Work item
Where in the data below does the word "Prop" appear? Copy each line that holds it.

[Saved data entries]
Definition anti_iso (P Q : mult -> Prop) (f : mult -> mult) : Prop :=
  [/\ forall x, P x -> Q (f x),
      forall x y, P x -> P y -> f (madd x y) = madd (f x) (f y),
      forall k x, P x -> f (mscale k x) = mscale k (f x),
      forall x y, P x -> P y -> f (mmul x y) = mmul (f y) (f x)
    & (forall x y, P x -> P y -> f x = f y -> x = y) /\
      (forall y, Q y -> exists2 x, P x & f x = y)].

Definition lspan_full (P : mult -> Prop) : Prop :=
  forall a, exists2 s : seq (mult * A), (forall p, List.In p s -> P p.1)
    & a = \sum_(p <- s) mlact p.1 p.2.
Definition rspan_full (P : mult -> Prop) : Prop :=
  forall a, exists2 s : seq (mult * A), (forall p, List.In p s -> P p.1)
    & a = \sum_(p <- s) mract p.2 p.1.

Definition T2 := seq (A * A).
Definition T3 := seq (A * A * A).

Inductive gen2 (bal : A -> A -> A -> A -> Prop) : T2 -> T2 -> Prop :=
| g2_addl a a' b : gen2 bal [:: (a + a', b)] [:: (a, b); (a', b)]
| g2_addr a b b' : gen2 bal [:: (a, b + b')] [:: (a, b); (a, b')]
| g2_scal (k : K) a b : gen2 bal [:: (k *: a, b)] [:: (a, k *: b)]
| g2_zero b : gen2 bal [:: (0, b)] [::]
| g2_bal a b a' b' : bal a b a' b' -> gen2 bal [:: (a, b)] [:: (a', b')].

Response to the task
Definition anti_iso (P Q : mult -> Prop) (f : mult -> mult) : Prop :=
Definition lspan_full (P : mult -> Prop) : Prop :=
Definition rspan_full (P : mult -> Prop) : Prop :=
Inductive gen2 (bal : A -> A -> A -> A -> Prop) : T2 -> T2 -> Prop :=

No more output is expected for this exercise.